Your instructions ▸ Copy every line of the data in which the word "isoE" occurs.

Stored data:
═══

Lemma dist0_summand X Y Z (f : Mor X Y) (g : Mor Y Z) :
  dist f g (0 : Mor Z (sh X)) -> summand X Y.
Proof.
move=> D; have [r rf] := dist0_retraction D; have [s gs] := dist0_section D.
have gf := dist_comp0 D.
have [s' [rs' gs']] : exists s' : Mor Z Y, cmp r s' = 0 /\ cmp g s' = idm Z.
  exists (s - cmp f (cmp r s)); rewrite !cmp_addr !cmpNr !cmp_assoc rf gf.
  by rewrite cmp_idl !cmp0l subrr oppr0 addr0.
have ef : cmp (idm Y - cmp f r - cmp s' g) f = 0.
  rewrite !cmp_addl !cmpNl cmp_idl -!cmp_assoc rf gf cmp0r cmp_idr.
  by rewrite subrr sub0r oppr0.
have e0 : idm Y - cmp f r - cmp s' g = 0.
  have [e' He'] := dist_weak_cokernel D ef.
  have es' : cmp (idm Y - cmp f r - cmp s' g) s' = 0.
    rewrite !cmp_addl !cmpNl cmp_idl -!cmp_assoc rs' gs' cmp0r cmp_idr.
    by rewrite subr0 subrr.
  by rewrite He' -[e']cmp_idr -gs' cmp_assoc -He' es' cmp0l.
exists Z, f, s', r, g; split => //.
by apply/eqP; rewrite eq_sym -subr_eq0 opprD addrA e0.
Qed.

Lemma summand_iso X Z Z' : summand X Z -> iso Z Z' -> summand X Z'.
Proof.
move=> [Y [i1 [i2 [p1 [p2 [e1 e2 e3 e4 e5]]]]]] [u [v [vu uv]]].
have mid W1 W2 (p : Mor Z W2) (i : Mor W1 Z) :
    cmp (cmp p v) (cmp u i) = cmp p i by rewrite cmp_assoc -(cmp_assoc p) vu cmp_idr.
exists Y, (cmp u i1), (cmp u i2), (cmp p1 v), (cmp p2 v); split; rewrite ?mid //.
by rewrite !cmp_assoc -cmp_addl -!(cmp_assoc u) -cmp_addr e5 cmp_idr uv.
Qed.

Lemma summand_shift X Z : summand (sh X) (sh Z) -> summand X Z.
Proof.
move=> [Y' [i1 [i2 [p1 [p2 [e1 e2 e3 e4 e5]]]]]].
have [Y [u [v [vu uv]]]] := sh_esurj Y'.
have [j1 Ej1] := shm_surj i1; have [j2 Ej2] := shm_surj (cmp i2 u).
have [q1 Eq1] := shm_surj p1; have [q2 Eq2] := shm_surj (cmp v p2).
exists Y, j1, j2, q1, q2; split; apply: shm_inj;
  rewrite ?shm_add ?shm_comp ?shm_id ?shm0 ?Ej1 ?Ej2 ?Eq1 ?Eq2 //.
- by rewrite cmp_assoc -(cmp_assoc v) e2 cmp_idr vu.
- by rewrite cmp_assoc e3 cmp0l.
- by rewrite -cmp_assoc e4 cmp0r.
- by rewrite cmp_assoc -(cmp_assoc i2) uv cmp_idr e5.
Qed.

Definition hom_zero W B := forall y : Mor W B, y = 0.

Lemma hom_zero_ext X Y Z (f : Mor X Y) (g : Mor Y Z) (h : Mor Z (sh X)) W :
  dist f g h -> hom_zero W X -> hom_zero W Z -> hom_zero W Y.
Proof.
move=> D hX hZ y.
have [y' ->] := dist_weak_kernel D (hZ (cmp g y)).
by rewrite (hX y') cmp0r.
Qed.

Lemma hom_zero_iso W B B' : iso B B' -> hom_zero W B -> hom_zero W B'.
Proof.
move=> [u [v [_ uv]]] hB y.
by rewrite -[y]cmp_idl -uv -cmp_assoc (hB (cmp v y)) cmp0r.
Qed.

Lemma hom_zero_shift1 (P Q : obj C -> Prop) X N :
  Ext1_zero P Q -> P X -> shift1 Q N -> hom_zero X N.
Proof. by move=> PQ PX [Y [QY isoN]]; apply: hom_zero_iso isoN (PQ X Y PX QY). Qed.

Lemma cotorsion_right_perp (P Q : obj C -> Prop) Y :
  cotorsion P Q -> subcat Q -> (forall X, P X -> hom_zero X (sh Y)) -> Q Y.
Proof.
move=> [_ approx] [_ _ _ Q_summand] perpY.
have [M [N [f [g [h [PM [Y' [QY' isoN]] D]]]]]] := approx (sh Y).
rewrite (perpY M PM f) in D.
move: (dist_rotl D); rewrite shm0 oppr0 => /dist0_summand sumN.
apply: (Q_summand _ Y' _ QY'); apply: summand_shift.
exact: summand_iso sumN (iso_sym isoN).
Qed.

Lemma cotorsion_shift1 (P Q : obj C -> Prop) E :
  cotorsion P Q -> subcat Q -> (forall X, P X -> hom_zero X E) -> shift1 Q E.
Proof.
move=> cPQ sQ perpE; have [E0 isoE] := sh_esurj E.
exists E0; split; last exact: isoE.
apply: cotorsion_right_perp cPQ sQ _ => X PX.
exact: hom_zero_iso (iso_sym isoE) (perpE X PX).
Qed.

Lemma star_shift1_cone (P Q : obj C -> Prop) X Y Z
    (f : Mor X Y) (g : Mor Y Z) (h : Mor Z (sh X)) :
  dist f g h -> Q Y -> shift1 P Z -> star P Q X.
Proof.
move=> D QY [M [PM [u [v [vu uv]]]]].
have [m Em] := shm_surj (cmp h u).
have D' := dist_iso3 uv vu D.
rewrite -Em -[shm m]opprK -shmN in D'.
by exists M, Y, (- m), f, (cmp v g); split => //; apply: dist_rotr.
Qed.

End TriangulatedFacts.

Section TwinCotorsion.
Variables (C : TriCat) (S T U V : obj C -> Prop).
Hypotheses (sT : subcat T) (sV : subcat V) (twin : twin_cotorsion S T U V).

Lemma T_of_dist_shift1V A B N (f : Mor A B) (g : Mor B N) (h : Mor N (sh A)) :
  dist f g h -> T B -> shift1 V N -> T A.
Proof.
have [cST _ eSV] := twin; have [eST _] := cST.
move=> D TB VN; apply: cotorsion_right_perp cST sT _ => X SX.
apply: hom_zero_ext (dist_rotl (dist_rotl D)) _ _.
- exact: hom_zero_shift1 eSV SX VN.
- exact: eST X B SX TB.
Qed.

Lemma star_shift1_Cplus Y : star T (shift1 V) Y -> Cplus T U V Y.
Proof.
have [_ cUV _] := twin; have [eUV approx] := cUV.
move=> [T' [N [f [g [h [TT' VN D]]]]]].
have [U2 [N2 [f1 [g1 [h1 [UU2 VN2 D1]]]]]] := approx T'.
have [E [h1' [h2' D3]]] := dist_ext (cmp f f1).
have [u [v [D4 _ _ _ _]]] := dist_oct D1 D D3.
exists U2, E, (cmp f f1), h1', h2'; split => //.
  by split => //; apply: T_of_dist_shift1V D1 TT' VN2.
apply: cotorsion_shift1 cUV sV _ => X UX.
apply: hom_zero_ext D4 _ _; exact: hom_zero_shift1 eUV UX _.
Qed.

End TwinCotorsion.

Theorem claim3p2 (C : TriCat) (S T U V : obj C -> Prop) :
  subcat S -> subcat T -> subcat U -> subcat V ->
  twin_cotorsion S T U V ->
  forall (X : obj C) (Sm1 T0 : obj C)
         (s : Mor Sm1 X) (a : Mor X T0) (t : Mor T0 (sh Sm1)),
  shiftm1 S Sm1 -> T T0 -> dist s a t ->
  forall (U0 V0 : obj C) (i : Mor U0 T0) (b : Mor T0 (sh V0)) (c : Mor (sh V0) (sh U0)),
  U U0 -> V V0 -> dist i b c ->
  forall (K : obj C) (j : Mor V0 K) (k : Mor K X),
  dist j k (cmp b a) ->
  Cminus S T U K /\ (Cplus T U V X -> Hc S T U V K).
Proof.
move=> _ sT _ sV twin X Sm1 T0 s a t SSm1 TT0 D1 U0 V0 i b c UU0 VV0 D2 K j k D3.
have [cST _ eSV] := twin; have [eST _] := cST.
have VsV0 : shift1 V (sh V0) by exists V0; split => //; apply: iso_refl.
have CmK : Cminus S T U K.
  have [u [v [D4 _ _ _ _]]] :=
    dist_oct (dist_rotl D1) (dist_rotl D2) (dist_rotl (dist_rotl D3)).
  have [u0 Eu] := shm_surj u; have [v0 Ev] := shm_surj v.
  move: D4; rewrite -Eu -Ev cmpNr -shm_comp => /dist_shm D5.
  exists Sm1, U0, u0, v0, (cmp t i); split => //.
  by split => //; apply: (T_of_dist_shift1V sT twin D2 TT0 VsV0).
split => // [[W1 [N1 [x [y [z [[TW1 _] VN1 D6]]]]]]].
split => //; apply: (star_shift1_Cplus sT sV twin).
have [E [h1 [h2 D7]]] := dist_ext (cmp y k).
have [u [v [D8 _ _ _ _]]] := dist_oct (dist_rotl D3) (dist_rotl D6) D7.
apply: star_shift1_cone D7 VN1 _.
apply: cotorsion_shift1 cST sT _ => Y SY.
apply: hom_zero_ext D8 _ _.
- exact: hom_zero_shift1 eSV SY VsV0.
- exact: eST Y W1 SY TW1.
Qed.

═══

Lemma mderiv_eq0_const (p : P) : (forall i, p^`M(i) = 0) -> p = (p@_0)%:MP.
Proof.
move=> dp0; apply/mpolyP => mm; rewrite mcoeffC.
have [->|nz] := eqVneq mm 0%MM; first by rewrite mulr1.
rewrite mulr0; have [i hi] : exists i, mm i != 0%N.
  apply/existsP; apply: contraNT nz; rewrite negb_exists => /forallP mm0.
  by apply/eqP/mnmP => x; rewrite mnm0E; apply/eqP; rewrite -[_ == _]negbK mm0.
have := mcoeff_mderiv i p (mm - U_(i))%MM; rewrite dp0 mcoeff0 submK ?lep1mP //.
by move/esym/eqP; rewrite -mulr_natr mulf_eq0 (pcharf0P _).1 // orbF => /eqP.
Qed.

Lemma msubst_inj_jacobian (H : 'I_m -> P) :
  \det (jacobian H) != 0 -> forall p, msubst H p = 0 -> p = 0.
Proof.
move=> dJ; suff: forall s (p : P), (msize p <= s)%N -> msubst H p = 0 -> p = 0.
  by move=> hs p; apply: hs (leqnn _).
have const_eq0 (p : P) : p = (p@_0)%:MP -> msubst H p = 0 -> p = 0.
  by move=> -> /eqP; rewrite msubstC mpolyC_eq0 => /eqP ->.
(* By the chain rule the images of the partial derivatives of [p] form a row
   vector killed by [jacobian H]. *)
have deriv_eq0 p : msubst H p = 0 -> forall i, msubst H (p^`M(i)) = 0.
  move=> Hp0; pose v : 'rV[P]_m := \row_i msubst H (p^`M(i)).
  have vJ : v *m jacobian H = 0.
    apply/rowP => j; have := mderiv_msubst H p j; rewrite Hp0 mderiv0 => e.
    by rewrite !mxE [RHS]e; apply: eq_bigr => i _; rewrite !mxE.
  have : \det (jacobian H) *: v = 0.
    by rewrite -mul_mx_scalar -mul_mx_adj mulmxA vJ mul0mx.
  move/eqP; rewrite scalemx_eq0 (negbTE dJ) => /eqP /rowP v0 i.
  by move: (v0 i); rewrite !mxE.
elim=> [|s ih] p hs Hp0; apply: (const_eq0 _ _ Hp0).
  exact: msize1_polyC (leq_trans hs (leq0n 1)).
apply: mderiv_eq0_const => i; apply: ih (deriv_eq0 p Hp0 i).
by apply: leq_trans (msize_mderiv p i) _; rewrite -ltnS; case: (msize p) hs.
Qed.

═══

Exercise response ▸
move=> cPQ sQ perpE; have [E0 isoE] := sh_esurj E.
exists E0; split; last exact: isoE.
exact: hom_zero_iso (iso_sym isoE) (perpE X PX).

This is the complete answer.